Among the following entries, say how many lines contain the word "vacuum"; the answer is a number and nothing else.
[GIVEN INFORMATION — start]
(* Let $V$ be a vertex algebra over $\mathbb{F}$ and let $W$ be a $(V,\mathcal{B})$-module. Set $W^{\mathcal{D}}=\{w\in W\mid \mathcal{D}^{(n)}w=0\text{ for all } n\ge1\}$. If $f:V\to W$ is a $V$-module homomorphism, then $f$ is a $(V,\mathcal{B})$-module homomorphism (i.e. also a $\mathcal{B}$-module homomorphism) if and only if $f(\mathbf{1})\in W^{\mathcal{D}}$. Furthermore, the map $\phi:\mathrm{Hom}_{(V,\mathcal{B})}(V,W)\to W^{\mathcal{D}}$, $\phi(f)=f(\mathbf{1})$, is a linear isomorphism.
   Context: $\mathbb{F}$ is an algebraically closed field of odd prime characteristic $p$; vertex algebras and their modules over $\mathbb{F}$ are defined by the usual axioms with the Jacobi identity. $\mathcal{B}$ is the bialgebra with basis $\{\mathcal{D}^{(n)}\mid n\in\mathbb{N}\}$, $\mathcal{D}^{(0)}=1$, $\mathcal{D}^{(m)}\mathcal{D}^{(n)}=\binom{m+n}{n}\mathcal{D}^{(m+n)}$, $\Delta(\mathcal{D}^{(n)})=\sum_{i=0}^n\mathcal{D}^{(n-i)}\otimes\mathcal{D}^{(i)}$, $\varepsilon(\mathcal{D}^{(n)})=\delta_{n,0}$; write $e^{x\mathcal{D}}=\sum_{n\ge0}x^n\mathcal{D}^{(n)}$. Every vertex algebra $V$ is a $\mathcal{B}$-module via $\mathcal{D}^{(n)}v=v_{-n-1}\mathbf{1}$. A $(V,\mathcal{B})$-module is a $V$-module $(W,Y_W)$ that is also a $\mathcal{B}$-module with $e^{x\mathcal{D}}Y_W(v,z)e^{-x\mathcal{D}}=Y_W(e^{x\mathcal{D}}v,z)$ for all $v\in V$. $\mathrm{Hom}_{(V,\mathcal{B})}(V,W)$ is the space of maps that are both $V$-module and $\mathcal{B}$-module homomorphisms. *)

From HB Require Import structures.
From mathcomp Require Import all_boot all_order all_algebra.
Set Implicit Arguments. Unset Strict Implicit. Unset Printing Implicit Defensive.
Import Order.TTheory GRing.Theory Num.Theory.
Local Open Scope ring_scope.

(* Generalized binomial coefficient binom(l, i) for l : int, i : nat, as an integer:
   binom(n, i) = 'C(n, i) for n >= 0 and binom(-(n+1), i) = (-1)^i 'C(n+i, i). *)
Definition binz (l : int) (i : nat) : int :=
  match l with
  | Posz n => ('C(n, i))%:Z
  | Negz n => (-1) ^+ i * ('C(n + i, i))%:Z
  end.

Section VA.
Variable F : fieldType.

(* A vertex algebra structure on the F-vector space V, given by the modes
   Y u n v = u_n v (Y(u,z) = sum_n u_n z^{-n-1}) and the vacuum one. *)
Definition is_vertex_algebra (V : lmodType F) (Y : V -> int -> V -> V) (one : V) : Prop :=
  [/\
      (forall a u1 u2 n v, Y (a *: u1 + u2) n v = a *: Y u1 n v + Y u2 n v),
      (forall a u n v1 v2, Y u n (a *: v1 + v2) = a *: Y u n v1 + Y u n v2),
      (* truncation: Y(u,z)v in V((z)) *)
      (forall u v, exists N : int, forall n : int, N <= n -> Y u n v = 0),
      (* Y(1,z) = id *)
      (forall n v, Y one n v = (if n == (-1)%R then v else 0)) /\
      (* creation: Y(v,z)1 in V[[z]] and its constant term is v *)
      ((forall v (n : int), 0 <= n -> Y v n one = 0) /\ (forall v, Y v (-1) one = v)) &
      (* Jacobi identity, in components (Borcherds identity); the infinite sums
         over i are finite by truncation, and we ask equality of all long enough
         partial sums *)
      (forall (u v w : V) (l m n : int), exists K : nat, forall N : nat, (K <= N)%N ->
         \sum_(i < N) (binz m i)%:~R *: Y (Y u (l + i%:Z) v) (m + n - i%:Z) w =
         \sum_(i < N) ((-1) ^+ i * (binz l i)%:~R) *:
            (Y u (l + m - i%:Z) (Y v (n + i%:Z) w)
             - ((-1) ^+ `|l|%N) *: Y v (l + n - i%:Z) (Y u (m + i%:Z) w)))].

Definition is_va_module (V W : lmodType F) (Y : V -> int -> V -> V) (one : V)
    (YW : V -> int -> W -> W) : Prop :=
  [/\ (forall a u1 u2 n w, YW (a *: u1 + u2) n w = a *: YW u1 n w + YW u2 n w),
      (forall a u n w1 w2, YW u n (a *: w1 + w2) = a *: YW u n w1 + YW u n w2),
      (forall u w, exists N : int, forall n : int, N <= n -> YW u n w = 0),
      (forall n w, YW one n w = (if n == (-1)%R then w else 0)) &
      (forall (u v : V) (w : W) (l m n : int), exists K : nat, forall N : nat, (K <= N)%N ->
         \sum_(i < N) (binz m i)%:~R *: YW (Y u (l + i%:Z) v) (m + n - i%:Z) w =
         \sum_(i < N) ((-1) ^+ i * (binz l i)%:~R) *:
            (YW u (l + m - i%:Z) (YW v (n + i%:Z) w)
             - ((-1) ^+ `|l|%N) *: YW v (l + n - i%:Z) (YW u (m + i%:Z) w)))].

(* The B-action on V: D^(n) v = v_{-n-1} 1. *)
Definition DV (V : lmodType F) (Y : V -> int -> V -> V) (one : V) (n : nat) (v : V) : V :=
  Y v (- (n%:Z) - 1) one.

(* D n is the action of D^(n) on W: a B-module structure on W. *)
Definition is_B_module (W : lmodType F) (D : nat -> W -> W) : Prop :=
  [/\ (forall n a w1 w2, D n (a *: w1 + w2) = a *: D n w1 + D n w2),
      (forall w, D 0%N w = w) &
      (forall m n w, D m (D n w) = ('C(m + n, n))%:R *: D (m + n)%N w)].

(* (V,B)-module: V-module that is a B-module with
   e^{xD} Y_W(v,z) e^{-xD} = Y_W(e^{xD} v, z), written coefficientwise in x^k z^{-m-1}. *)
Definition is_VB_module (V W : lmodType F) (Y : V -> int -> V -> V) (one : V)
    (YW : V -> int -> W -> W) (D : nat -> W -> W) : Prop :=
  [/\ is_va_module Y one YW, is_B_module D &
      (forall (v : V) (k : nat) (m : int) (w : W),
         \sum_(i < k.+1) ((-1) ^+ (k - i)) *: D i (YW v m (D (k - i)%N w))
         = YW (DV Y one k v) m w)].

Definition is_V_hom (V W : lmodType F) (Y : V -> int -> V -> V)
    (YW : V -> int -> W -> W) (f : V -> W) : Prop :=
  (forall a v1 v2, f (a *: v1 + v2) = a *: f v1 + f v2) /\
  (forall u n v, f (Y u n v) = YW u n (f v)).

Definition is_B_hom (V W : lmodType F) (Y : V -> int -> V -> V) (one : V)
    (D : nat -> W -> W) (f : V -> W) : Prop :=
  forall n v, f (DV Y one n v) = D n (f v).

Definition is_VB_hom (V W : lmodType F) (Y : V -> int -> V -> V) (one : V)
    (YW : V -> int -> W -> W) (D : nat -> W -> W) (f : V -> W) : Prop :=
  is_V_hom Y YW f /\ is_B_hom Y one D f.

Definition in_WD (W : lmodType F) (D : nat -> W -> W) (w : W) : Prop :=
  forall n : nat, (0 < n)%N -> D n w = 0.

End VA.

From HB Require Import structures.
From mathcomp Require Import all_boot all_order all_algebra.
From mathcomp Require Import zify.
From Stdlib Require Import FunctionalExtensionality.
Set Implicit Arguments. Unset Strict Implicit. Unset Printing Implicit Defensive.
Import Order.TTheory GRing.Theory Num.Theory.
Local Open Scope ring_scope.

(* A V-module map f : V -> W is determined by w = f 1, because f v = f (v_{-1} 1) = v_{-1} w.
   The point is that every w in W^D is vacuum-like (v_n w = 0 for n >= 0): the Borcherds
   identity for v, 1 with indices (-q-1, 0, n+q) gives
   D^(q) (v_{n+q} w) = (D^(q) v)_{n+q} w = +- binom(q+n, n) v_n w,
   and the left side vanishes once n+q exceeds the truncation order of v on w.  Taking q a
   large power of the characteristic makes binom(q+n, n) nonzero in F (compare coefficients
   in (X+1)^(q+n) = (X+1)^n (X^q+1)); in characteristic 0 any q works.  For vacuum-like w, v |-> v_{-1} w is then a V-module map by the
   iterate formula, and a B-module map since the (V,B)-compatibility collapses to
   D^(k) (v_m w) = (D^(k) v)_m w. *)

Lemma coef_XaddC1_exp (R : nzRingType) m n :
  (('X + 1 : {poly R}) ^+ m)`_n = ('C(m, n))%:R.
Proof.
rewrite exprD1n coef_sum.
under eq_bigr => i _ do rewrite coefMn coefXn.
have [ltnm | ltmn] := ltnP n m.+1.
  rewrite (bigD1 (Ordinal ltnm)) //= eqxx big1 ?addr0 // => i.
  by rewrite eq_sym -val_eqE => /negPf ->; rewrite mul0rn.
by rewrite bin_small // big1 // => i _; rewrite gtn_eqF ?mul0rn // (leq_trans _ ltmn).
Qed.

Lemma XaddC1_exp_pchar (R : comNzRingType) p e : p \in [pchar R] ->
  ('X + 1 : {poly R}) ^+ (p ^ e) = 'X^(p ^ e) + 1.
Proof.
move=> charRp; rewrite exprDn_pchar ?expr1n // pnatX pnatE ?(pcharf_prime charRp) //.
by rewrite pchar_poly charRp.
Qed.

Lemma bin_pchar_neq0 (R : comNzRingType) p e n : p \in [pchar R] -> (n < p ^ e)%N ->
  ('C(p ^ e + n, n))%:R != 0 :> R.
Proof.
move=> charRp lt_n_pe; rewrite -coef_XaddC1_exp exprD XaddC1_exp_pchar //.
by rewrite mulrDl mul1r coefD coefXnM lt_n_pe add0r coef_XaddC1_exp binn oner_neq0.
Qed.

Lemma bin_neq0_unbounded (R : idomainType) n N :
  exists2 q, (N <= q)%N & ('C(q + n, n))%:R != 0 :> R.
Proof.
have [binN0 | ] := eqVneq ('C(N + n, n))%:R (0 : R); last by exists N.
have [|p charRp] := natf0_pchar _ (introT eqP binN0); first by rewrite bin_gt0 leq_addl.
have p_gt1 := prime_gt1 (pcharf_prime charRp).
exists (p ^ (N + n))%N; first exact: leq_trans (leq_addr n N) (ltnW (ltn_expl _ p_gt1)).
exact: bin_pchar_neq0 charRp (leq_ltn_trans (leq_addl N n) (ltn_expl _ p_gt1)).
Qed.

Lemma binz0 l : binz l 0 = 1.
Proof. by case: l => n; rewrite /= bin0 // expr0 mul1r. Qed.

Lemma map0_linear (R : pzRingType) (M N : lmodType R) (f : M -> N) :
  (forall a x y, f (a *: x + y) = a *: f x + f y) -> f 0 = 0.
Proof. by move=> f_lin; have := f_lin (-1) 0 0; rewrite scaler0 addr0 scaleN1r addNr. Qed.

Section VBModule.
Variables (F : fieldType) (V W : lmodType F) (Y : V -> int -> V -> V) (one : V)
  (YW : V -> int -> W -> W) (D : nat -> W -> W).
Hypothesis VBmod : is_VB_module Y one YW D.

Lemma YWr0 u n : YW u n 0 = 0.
Proof. by have [[_ YW_lin _ _ _] _ _] := VBmod; apply: map0_linear. Qed.

Lemma Dr0 n : D n 0 = 0.
Proof. by have [_ [D_lin _ _] _] := VBmod; apply: map0_linear. Qed.

Lemma YW_one_neq (n : int) w : n != -1 -> YW one n w = 0.
Proof. by have [[_ _ _ YW_one _] _ _] := VBmod; rewrite YW_one => /negPf ->. Qed.

Lemma YW_one_vac w : YW one (-1) w = w.
Proof. by have [[_ _ _ YW_one _] _ _] := VBmod; rewrite YW_one eqxx. Qed.

Lemma YW_iterate u v w (l n : int) : exists K : nat, forall N : nat, (K <= N)%N ->
  YW (Y u l v) n w = \sum_(i < N) ((-1) ^+ i * (binz l i)%:~R) *:
     (YW u (l - i%:Z) (YW v (n + i%:Z) w)
      - ((-1) ^+ `|l|%N) *: YW v (l + n - i%:Z) (YW u i w)).
Proof.
have [[_ _ _ _ jacobi] _ _] := VBmod.
have [K jacK] := jacobi u v w l 0 n.
exists K.+1 => -[//|N] leKN; have := jacK N.+1 (ltnW leKN).
rewrite big_ord_recl big1 => [|i _]; last by rewrite /= scale0r.
rewrite /= bin0 scale1r -[Posz 0]/(0 : int) !addr0 !add0r => ->.
by apply: eq_bigr => i _; rewrite add0r.
Qed.

Lemma D_YW_WD w v k m : in_WD D w -> D k (YW v m w) = YW (DV Y one k v) m w.
Proof.
have [_ [_ D0id _] compat] := VBmod; move=> w_WD.
rewrite -compat big_ord_recr /= subnn expr0 scale1r D0id big1 ?add0r // => i _.
by rewrite w_WD ?subn_gt0 // YWr0 Dr0 scaler0.
Qed.

Lemma YW_WD_cancel w v (n q : nat) : in_WD D w ->
  ('C(q + n, n))%:R != 0 :> F -> YW v (n + q)%N w = 0 -> YW v n w = 0.
Proof.
move=> w_WD binq_neq0 vanish.
have [K iterK] := YW_iterate v one w (Negz q) (n + q)%N.
have ltnK : (n < maxn K n.+1)%N by rewrite leq_max leqnn orbT.
have := iterK _ (leq_maxl K n.+1).
have -> : Y v (Negz q) one = DV Y one q v by rewrite /DV NegzE; congr (Y _ _ _); lia.
rewrite -D_YW_WD // vanish Dr0.
(* By the vacuum axiom for 1, only the term i = n survives. *)
rewrite (bigD1 (Ordinal ltnK)) //= big1 ?addr0 => [|i]; last first.
  rewrite -val_eqE /= => ne_in.
  by rewrite YW_one_neq ?YWr0 ?YW_one_neq ?scaler0 ?subr0 ?scaler0 //; lia.
have -> : Negz q + (n + q)%N - n%:Z = -1 by rewrite NegzE; lia.
rewrite YW_one_vac YW_one_neq ?YWr0 ?add0r ?scalerN ?scalerA; last by lia.
move/esym/eqP; rewrite oppr_eq0 scaler_eq0 => /orP[|/eqP //].
by rewrite !mulf_eq0 !signr_eq0 intrM mulf_eq0 intr_sign signr_eq0 /= (negPf binq_neq0).
Qed.

Lemma YW_WD_nonneg w v (n : nat) : in_WD D w -> YW v n w = 0.
Proof.
have [[_ _ trunc _ _] _ _] := VBmod; move=> w_WD.
have [N0 truncN0] := trunc v w.
have [q le_N0q binq_neq0] := bin_neq0_unbounded F n `|N0|.
by apply: YW_WD_cancel w_WD binq_neq0 _; apply: truncN0; lia.
Qed.

Lemma VB_hom_YW_WD w : in_WD D w -> is_VB_hom Y one YW D (fun v => YW v (-1) w).
Proof.
have [[YW_lin _ _ _ _] _ _] := VBmod; move=> w_WD.
split; [split => [a v1 v2 | u n v] /= | move=> n v /=]; first exact: YW_lin.
- have [K iterK] := YW_iterate u v w n (-1).
  rewrite (iterK K.+1 (leqnSn K)) big_ord_recl big1 => [|i _].
    rewrite /= -[Posz 0]/(0 : int) (YW_WD_nonneg _ 0) // YWr0 (@scaler0 F W) subr0.
    by rewrite binz0 expr0 mul1r scale1r !addr0.
  have -> : -1 + (bump 0 i)%:Z = i by rewrite /bump; lia.
  by rewrite !YW_WD_nonneg // !YWr0 (@scaler0 F W) subr0 (@scaler0 F W).
- by rewrite D_YW_WD.
Qed.

Lemma VB_hom_scale_add a f g : is_VB_hom Y one YW D f -> is_VB_hom Y one YW D g ->
  is_VB_hom Y one YW D (fun v => a *: f v + g v).
Proof.
have [[_ YW_lin _ _ _] [D_lin _ _] _] := VBmod.
move=> [[f_lin fY] fB] [[g_lin gY] gB]; split; [split|] => /=.
- by move=> b v1 v2; rewrite f_lin g_lin !scalerDr !scalerA mulrC addrACA.
- by move=> u n v; rewrite fY gY YW_lin.
- by move=> n v; rewrite fB gB D_lin.
Qed.

Hypothesis VA : is_vertex_algebra Y one.

Lemma V_hom_expand f v : is_V_hom Y YW f -> f v = YW v (-1) (f one).
Proof. by have [_ _ _ [_ [_ Y_one_create]] _] := VA; case=> _ fY; rewrite -fY Y_one_create. Qed.

Lemma B_hom_iff_WD f : is_V_hom Y YW f -> is_B_hom Y one D f <-> in_WD D (f one).
Proof.
have [_ _ _ [Y_one _] _] := VA; move=> fV; split => [fB n n_gt0 | w_WD n v].
- have n1_neq : - n%:Z - 1 != -1 by lia.
  rewrite -fB /DV Y_one (negPf n1_neq).
  exact: map0_linear (proj1 fV).
- by rewrite (V_hom_expand (DV Y one n v) fV) (V_hom_expand v fV) D_YW_WD.
Qed.

Lemma V_hom_eq f g : is_V_hom Y YW f -> is_V_hom Y YW g -> f one = g one -> f =1 g.
Proof. by move=> fV gV fg1 v; rewrite (V_hom_expand _ fV) (V_hom_expand _ gV) fg1. Qed.

End VBModule.

Theorem lemma2p6 (p : nat) (F : closedFieldType) (V W : lmodType F)
    (Y : V -> int -> V -> V) (one : V) (YW : V -> int -> W -> W) (D : nat -> W -> W) :
  prime p -> odd p -> p \in [pchar F] ->
  is_vertex_algebra Y one -> is_VB_module Y one YW D ->
  (* a V-module hom is a (V,B)-module hom iff f(1) lies in W^D *)
  (forall f : V -> W, is_V_hom Y YW f -> (is_B_hom Y one D f <-> in_WD D (f one))) /\
  (* phi : Hom_{(V,B)}(V,W) -> W^D, f |-> f(1), is well defined and linear *)
  (forall f : V -> W, is_VB_hom Y one YW D f -> in_WD D (f one)) /\
  (forall (a : F) (f g : V -> W), is_VB_hom Y one YW D f -> is_VB_hom Y one YW D g ->
     is_VB_hom Y one YW D (fun v => a *: f v + g v)) /\
  (* phi is injective *)
  (forall f g : V -> W, is_VB_hom Y one YW D f -> is_VB_hom Y one YW D g ->
     f one = g one -> f = g) /\
  (* phi is surjective *)
  (forall w : W, in_WD D w -> exists f : V -> W, is_VB_hom Y one YW D f /\ f one = w).
Proof.
move=> _ _ _ VA VBmod; split; first exact: B_hom_iff_WD.
split; first by move=> f [fV fB]; apply/(B_hom_iff_WD VBmod VA fV).
split; first exact: VB_hom_scale_add.
split.
  move=> f g [fV _] [gV _] fg1.
  exact: functional_extensionality (V_hom_eq VA fV gV fg1).
move=> w w_WD; exists (fun v => YW v (-1) w); split; first exact: VB_hom_YW_WD.
exact: YW_one_vac VBmod w.
Qed.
[GIVEN INFORMATION — finish]
> OUTPUT OF THE EXERCISE: 4